A look at Google Maps suggests that the question of where cars might park likely needs to be addressed first. The quote above hints that funding the permanent acquisition of the equipment would exceed the cost of normal electrical service. Perhaps it would be sold at a deeply discounted cost and that disassembling and removing the equipment will be quite costly.
Publicity Stunt, Promotional Venture, or Practical Solution?
This is really the important question. Although there appears to be a rush to judgment by many that this represents a practical solution, at this point barring further information it should be an open question. No cost data is available.
A lot of resources and effort was expended to set up this solar/battery facility in the parking lot of a small children’s hospital. To the extent, the equipment is removed later and shipped elsewhere the economics of this demonstration will appear much more dismal and impractical.
Tesla is seeing payback from their efforts through the publicity provided by Musk’s tweets and this “feel good” story going viral. But to generalize from this situation to others, one must remove those benefits and ask “does this solution make engineering sense on its own?” If this solution is only better because some deep pockets organization can subsidize it because of publicity, we should not cheer this as a demonstration of the practicality of such systems.
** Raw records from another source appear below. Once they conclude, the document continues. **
Lemma mem_rsub b t w a : ((w, a) \in rsub b t) = ((b :: w, a) \in t).
Proof.
apply/(imfsetP _ _ _ _)/idP => [[[[|c v] d]] | wa]; rewrite ?inE //=.
- by case/andP.
- by case/andP=> vd /eqP[<-] [-> ->].
- by exists (b :: w, a); rewrite ?inE /= ?wa ?eqxx.
Qed.

Lemma rsub_tree b t : is_tree t -> is_tree (rsub b t).
Proof.
move=> /treeP tP; apply/treeP => -[v a] [w c]; rewrite !mem_rsub => va wc vw.
by have := tP _ _ va wc; rewrite prefix_cons eqxx; apply; apply: contraNneq vw => -[-> ->].
Qed.

Lemma mem_rstar t0 t1 w a :
  ((w, a) \in rstar t0 t1) =
  if w is b :: v then (v, a) \in (if b then t1 else t0) else false.
Proof.
rewrite in_fsetU; apply/orP/idP => [[] /imfsetP[[v c] /= vc [-> ->]] // | ].
case: w => [|[] v] // va; [right | left]; by apply/imfsetP; exists (v, a).
Qed.

Lemma rstar_rsub t :
  (forall a, ([::], a) \notin t) -> rstar (rsub false t) (rsub true t) = t.
Proof.
move=> t_noroot; apply/fsetP => -[[|[] w] a];
  by rewrite mem_rstar ?mem_rsub ?(negbTE (t_noroot a)).
Qed.

End Trees.

Section Relabel.
Variables A B : choiceType.

Definition relabel (k : seq bool -> A -> B) (t : rawtree A) : rawtree B :=
  [fset (x.1, k x.1 x.2) | x in t].
Lemma projU_is_proj f : pw_continuous ell gam f ->
  is_proj l ell gam f (projU l ell gam f).
Proof.
move=> cf; apply: epsilon_spec.
have [p [Wp hp]] := orth_proj_exists (pw_continuous_lin_closed ell gam)
  (L2ip_linl gam_incr) (fun x y _ _ => L2ip_sym x y) (fun x _ => L2ip_ge0 x)
  Ulev_lin_closed Ulev_pw_continuous Ulev_span cf.
by exists p.
Qed.

Lemma window_Ulev n m : l (fun=> 1) -> Ulev l ell gam (window ell gam n m).
Proof.
move=> l1; exists (fun j _ => if (n <= j < m)%N then 1 else 0); split => // j jl.
case: (n <= j < m)%N; split; try exact: C1_cst.
- exists 1%N, (fun _ _ => 1), (fun _ => 1); split => //.
  by apply/funext => x; rewrite big_ord1 mulr1.
- by rewrite (in_span_seqE ls s_uniq); exact: (span_seq_lin_closed _ _).1.
Qed.

Lemma Rintegral_D2 v n m : (forall j, (j < ell)%N -> C1 (v j)) ->
  (n <= m)%N -> (m <= ell)%N -> l (fun=> 1) ->
  Rintegral mu `[gam n, gam m] (D2 l ell gam v) =
  \sum_(n <= i < m) (lim_left (pw ell gam v) (gam i.+1)
                    - lim_right (pw ell gam v) (gam i)).
Proof.
move=> hv nm ml l1.
have cv j : (j < ell)%N -> continuous (v j) by move/hv/C1_continuous.
have cdv j : (j < ell)%N -> continuous (derive1 (v j)) by move/hv => [].
have [[wp [hwp eD2]] orth] := @projU_is_proj (pw_deriv ell gam v)
  (ex_intro _ _ (conj cdv erefl)).
have cwp j : (j < ell)%N -> continuous (wp j) by move/hwp => [_ /C1_continuous].
have int_cell w j :
    continuous w -> mu.-integrable `]gam j, gam j.+1[ (EFin \o w).
  apply: (integrable_continuous_itv (a := gam j) (b := gam j.+1)) => // x /=.
  by rewrite !in_itv /= => /andP[/ltW -> /ltW ->].
have o : Rintegral mu setT (pw ell gam (fun j => derive1 (v j) \- wp j)
                            \* window ell gam n m) = 0.
  by rewrite -pwB -eD2; exact: orth _ (window_Ulev n m l1).
rewrite Rintegral_pw_window // in o; last first.
  by move=> j jl x; apply: cvgB; [exact: cdv | exact: cwp].
have {}o : \sum_(n <= j < m) (Rintegral mu `]gam j, gam j.+1[ (derive1 (v j))
    - Rintegral mu `]gam j, gam j.+1[ (wp j)) = 0.
  rewrite -[RHS]o; apply: eq_big_nat => j /andP[_ jm]; have jl := leq_trans jm ml.
  rewrite RintegralB //; first exact (int_cell _ _ (cdv _ jl)).
  exact (int_cell _ _ (cwp _ jl)).
move/eqP: o; rewrite sumrB subr_eq0 => /eqP o.
rewrite /D2 eD2 Rintegral_pw_segment // -o.
apply: eq_big_nat => j /andP[_ jm]; have jl := leq_trans jm ml.
rewrite (lim_left_pw gam_incr jl (cv j jl)) (lim_right_pw gam_incr jl (cv j jl)).
exact: Rintegral_derive1_C1 (gam_incr jl) (hv j jl).
Qed.

End LevelSpace.

Unset Implicit Arguments.

Theorem mainTheorem14 (R : realType) (U : set (set (set (R -> R))))
  (hU : fine_ultrafilter U)
  (beta eta : set (R -> R) -> R) (ell : set (R -> R) -> nat)
  (gam : set (R -> R) -> nat -> R)
  (hbeta : forall r : R, U [set l | r < beta l])
  (heta : forall r : R, 0 < r -> U [set l | 0 < eta l < r])
  (hgam0 : U [set l | gam l 0%N = - beta l])
  (hgaml : U [set l | gam l (ell l) = beta l])
  (hspace : U [set l | forall j, (j < ell l)%N ->
                          0 < gam l j.+1 - gam l j < eta l])
  (hRG : forall r : R, U [set l | exists2 j, (j <= ell l)%N & gam l j = r])
  (v : set (R -> R) -> nat -> R -> R)
  (hv : U [set l | forall j, (j < ell l)%N -> in_span l (v l j) /\ C1 (v l j)])
  (n m : set (R -> R) -> nat)
  (hnm : U [set l | (n l < m l <= ell l)%N]) :
  U [set l | Rintegral lebesgue_measure `[gam l (n l), gam l (m l)]
                 (D2 l (ell l) (gam l) (v l))
             = \sum_(n l <= i < m l)
                 (lim_left (pw (ell l) (gam l) (v l)) (gam l i.+1)
                  - lim_right (pw (ell l) (gam l) (v l)) (gam l i))].
Proof.
move: hU => [_ [_ [UI [UM [_ [Ufin Ufine]]]]]].
have U1 : U [set l | l (fun=> 1)].
  by apply: UM (Ufine _ (finite_set1 (fun=> 1))) => l /=; apply.
apply: UM (UI _ _ (UI _ _ (UI _ _ (UI _ _ Ufin U1) hspace) hv) hnm).
move=> l [[[[/finite_seqP[s ls] l1] hsp] hvl] /andP[nm ml]].
have lsu : l = [set` undup s].
  by rewrite ls; apply/seteqP; split => x /=; rewrite mem_undup.
have gam_incr j : (j < ell l)%N -> gam l j < gam l j.+1.
  by move=> jl; have /andP[+ _] := hsp j jl; rewrite subr_gt0.
apply: (Rintegral_D2 lsu (undup_uniq s) gam_incr) => //.
- by move=> j jl; have [] := hvl j jl.
- exact: ltnW.
Qed.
Many questions must be asked first, for example, could the hospital, a governmental entity or other benefactor have better served the children by procuring and providing temporary additional fuel resources for the existing generators there? Could extra resources directed at mobilizing line repair efforts provided more bang for the buck? Is this just a case where a lot of effort produced an isolated benefit with costs all out of proportion?
Answers to these questions may support solar/battery systems such as this or instead suggest we are better off expending efforts elsewhere.